◆ **WHAT TO DO**
Among the records below, which lines contain the string "finType"? Report them.

*** Opening of INPUT FOR THIS TASK ***

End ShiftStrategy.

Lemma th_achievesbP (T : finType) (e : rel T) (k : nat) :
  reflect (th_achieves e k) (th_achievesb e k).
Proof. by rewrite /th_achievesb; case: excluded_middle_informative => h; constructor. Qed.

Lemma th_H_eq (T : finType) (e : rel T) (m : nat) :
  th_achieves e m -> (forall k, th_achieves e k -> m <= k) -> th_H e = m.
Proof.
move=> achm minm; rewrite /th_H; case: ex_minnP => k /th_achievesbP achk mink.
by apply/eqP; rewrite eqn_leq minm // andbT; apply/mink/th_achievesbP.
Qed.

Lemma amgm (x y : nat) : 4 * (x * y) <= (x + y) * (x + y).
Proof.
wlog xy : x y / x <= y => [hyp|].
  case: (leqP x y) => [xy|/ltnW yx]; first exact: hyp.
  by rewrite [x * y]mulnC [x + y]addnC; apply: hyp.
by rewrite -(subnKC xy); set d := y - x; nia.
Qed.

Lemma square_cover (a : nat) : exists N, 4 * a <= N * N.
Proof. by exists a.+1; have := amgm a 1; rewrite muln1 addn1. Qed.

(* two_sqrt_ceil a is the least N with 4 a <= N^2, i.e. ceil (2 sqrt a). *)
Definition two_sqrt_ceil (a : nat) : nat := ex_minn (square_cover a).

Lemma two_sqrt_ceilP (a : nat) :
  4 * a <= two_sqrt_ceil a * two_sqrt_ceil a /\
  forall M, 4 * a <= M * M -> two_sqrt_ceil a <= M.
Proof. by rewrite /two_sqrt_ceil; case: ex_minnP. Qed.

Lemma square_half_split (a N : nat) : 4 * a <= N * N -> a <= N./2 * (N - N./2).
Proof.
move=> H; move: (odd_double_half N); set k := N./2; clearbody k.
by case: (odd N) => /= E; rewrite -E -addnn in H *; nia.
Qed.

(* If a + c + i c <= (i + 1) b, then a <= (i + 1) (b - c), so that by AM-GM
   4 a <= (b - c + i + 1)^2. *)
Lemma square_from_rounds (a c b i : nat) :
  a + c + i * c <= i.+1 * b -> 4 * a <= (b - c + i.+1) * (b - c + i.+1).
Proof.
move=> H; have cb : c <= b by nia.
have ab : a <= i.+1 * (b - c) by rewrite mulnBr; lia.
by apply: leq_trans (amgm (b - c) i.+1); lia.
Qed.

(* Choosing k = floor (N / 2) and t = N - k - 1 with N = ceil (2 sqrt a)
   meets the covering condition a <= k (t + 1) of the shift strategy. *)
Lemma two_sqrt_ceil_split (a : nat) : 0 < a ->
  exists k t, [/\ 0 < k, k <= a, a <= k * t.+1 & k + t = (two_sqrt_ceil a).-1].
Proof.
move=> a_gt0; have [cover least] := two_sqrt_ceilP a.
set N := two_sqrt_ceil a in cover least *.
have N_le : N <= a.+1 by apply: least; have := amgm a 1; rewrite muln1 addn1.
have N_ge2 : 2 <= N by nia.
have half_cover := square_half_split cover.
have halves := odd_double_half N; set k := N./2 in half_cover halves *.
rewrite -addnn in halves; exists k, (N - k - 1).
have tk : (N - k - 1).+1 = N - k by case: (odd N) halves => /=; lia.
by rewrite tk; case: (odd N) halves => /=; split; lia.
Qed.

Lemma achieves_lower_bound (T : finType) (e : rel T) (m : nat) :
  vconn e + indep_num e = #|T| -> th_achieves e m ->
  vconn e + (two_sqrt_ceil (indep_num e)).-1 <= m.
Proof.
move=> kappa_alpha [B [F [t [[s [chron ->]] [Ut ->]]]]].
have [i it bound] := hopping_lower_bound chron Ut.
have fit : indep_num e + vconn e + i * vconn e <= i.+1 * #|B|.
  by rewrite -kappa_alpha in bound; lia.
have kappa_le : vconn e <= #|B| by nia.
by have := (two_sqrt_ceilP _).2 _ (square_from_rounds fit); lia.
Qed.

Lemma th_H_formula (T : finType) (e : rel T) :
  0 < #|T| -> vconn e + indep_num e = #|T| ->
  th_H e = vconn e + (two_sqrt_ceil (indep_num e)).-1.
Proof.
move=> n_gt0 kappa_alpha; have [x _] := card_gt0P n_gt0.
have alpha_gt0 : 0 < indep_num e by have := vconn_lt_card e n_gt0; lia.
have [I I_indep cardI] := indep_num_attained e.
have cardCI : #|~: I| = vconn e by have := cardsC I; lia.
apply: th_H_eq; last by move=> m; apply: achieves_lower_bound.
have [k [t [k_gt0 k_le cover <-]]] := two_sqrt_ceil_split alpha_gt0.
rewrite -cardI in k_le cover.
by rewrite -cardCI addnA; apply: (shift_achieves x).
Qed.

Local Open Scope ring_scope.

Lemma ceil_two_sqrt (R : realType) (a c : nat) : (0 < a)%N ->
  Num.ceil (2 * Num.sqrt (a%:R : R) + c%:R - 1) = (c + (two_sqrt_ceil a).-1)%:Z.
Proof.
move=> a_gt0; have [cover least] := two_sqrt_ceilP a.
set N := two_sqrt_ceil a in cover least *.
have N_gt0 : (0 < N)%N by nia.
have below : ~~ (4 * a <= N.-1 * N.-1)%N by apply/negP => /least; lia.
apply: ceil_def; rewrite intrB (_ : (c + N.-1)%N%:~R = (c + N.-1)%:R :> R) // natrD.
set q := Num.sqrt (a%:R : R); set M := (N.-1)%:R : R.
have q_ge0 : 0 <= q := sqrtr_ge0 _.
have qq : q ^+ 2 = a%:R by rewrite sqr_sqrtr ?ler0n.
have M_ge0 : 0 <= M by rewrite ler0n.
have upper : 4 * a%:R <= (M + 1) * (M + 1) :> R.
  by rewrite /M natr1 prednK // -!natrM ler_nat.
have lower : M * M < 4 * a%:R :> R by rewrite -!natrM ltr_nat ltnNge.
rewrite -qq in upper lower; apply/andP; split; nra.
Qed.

*** Close of INPUT FOR THIS TASK ***
*** Opening of INPUT FOR THIS TASK ***

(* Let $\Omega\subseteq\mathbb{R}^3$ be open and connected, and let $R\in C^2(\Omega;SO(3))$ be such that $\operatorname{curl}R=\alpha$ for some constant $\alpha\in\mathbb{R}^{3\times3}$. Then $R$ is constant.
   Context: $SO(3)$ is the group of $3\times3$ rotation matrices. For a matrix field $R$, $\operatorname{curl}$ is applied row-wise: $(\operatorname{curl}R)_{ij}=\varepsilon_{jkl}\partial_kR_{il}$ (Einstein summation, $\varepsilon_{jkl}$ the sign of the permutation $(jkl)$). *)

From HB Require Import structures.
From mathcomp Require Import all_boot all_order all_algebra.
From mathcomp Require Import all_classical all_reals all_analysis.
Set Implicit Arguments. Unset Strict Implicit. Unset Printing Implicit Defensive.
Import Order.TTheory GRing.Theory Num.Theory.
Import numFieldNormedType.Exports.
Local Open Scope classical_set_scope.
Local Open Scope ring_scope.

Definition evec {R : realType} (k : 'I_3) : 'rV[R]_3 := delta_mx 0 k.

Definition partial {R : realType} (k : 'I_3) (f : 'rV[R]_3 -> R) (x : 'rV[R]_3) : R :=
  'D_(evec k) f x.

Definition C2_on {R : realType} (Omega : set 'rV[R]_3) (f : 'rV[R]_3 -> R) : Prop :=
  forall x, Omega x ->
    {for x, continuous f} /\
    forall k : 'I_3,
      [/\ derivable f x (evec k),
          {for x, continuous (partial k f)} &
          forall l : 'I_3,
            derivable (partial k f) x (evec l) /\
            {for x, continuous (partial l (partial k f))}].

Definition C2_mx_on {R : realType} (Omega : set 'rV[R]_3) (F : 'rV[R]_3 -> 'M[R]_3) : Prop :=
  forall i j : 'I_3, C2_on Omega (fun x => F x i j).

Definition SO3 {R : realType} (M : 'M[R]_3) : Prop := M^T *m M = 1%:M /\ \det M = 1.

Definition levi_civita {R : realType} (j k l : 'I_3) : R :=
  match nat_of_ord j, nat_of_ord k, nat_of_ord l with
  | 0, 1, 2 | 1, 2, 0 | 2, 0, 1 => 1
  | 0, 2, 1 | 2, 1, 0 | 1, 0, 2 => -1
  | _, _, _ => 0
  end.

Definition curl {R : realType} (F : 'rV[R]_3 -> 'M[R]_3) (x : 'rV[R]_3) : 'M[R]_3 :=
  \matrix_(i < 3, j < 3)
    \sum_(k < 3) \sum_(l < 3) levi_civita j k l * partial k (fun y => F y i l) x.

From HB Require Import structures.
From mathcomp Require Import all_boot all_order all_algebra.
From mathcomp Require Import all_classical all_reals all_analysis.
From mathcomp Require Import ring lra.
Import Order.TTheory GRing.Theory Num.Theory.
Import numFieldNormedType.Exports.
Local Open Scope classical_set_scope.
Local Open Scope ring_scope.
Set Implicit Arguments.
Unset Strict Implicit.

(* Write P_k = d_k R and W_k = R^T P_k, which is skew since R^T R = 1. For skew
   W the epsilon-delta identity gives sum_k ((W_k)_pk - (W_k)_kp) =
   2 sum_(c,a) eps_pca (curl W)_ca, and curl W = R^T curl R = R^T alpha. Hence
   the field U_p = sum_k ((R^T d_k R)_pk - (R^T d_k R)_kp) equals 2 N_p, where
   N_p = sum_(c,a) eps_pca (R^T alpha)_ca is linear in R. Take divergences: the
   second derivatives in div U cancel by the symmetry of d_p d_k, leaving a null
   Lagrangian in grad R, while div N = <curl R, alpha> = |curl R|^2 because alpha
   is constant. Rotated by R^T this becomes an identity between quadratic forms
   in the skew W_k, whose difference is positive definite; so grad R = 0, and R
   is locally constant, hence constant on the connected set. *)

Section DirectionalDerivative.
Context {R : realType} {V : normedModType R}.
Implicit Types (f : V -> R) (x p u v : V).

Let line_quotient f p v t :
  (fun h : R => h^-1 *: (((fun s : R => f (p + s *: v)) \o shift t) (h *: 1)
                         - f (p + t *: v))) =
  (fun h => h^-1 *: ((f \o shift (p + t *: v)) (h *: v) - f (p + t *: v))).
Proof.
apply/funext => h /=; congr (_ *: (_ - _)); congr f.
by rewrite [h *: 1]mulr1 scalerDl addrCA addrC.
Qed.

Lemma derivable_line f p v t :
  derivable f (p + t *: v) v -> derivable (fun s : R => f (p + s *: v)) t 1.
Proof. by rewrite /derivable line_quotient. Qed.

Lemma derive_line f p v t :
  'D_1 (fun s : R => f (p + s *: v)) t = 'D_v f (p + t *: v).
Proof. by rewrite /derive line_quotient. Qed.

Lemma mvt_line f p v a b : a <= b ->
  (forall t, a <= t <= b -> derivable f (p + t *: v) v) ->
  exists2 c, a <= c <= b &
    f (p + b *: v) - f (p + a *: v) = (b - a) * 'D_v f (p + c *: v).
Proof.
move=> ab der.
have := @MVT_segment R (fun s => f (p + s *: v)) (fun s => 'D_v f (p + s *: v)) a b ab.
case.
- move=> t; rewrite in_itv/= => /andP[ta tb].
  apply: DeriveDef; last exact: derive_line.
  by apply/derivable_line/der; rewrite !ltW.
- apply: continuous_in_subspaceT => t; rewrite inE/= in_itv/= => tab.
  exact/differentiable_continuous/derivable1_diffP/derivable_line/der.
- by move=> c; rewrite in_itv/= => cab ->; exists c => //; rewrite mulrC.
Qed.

*** Close of INPUT FOR THIS TASK ***

◆ **EXERCISE RESULT**
Lemma th_achievesbP (T : finType) (e : rel T) (k : nat) :
Lemma th_H_eq (T : finType) (e : rel T) (m : nat) :
Lemma achieves_lower_bound (T : finType) (e : rel T) (m : nat) :
Lemma th_H_formula (T : finType) (e : rel T) :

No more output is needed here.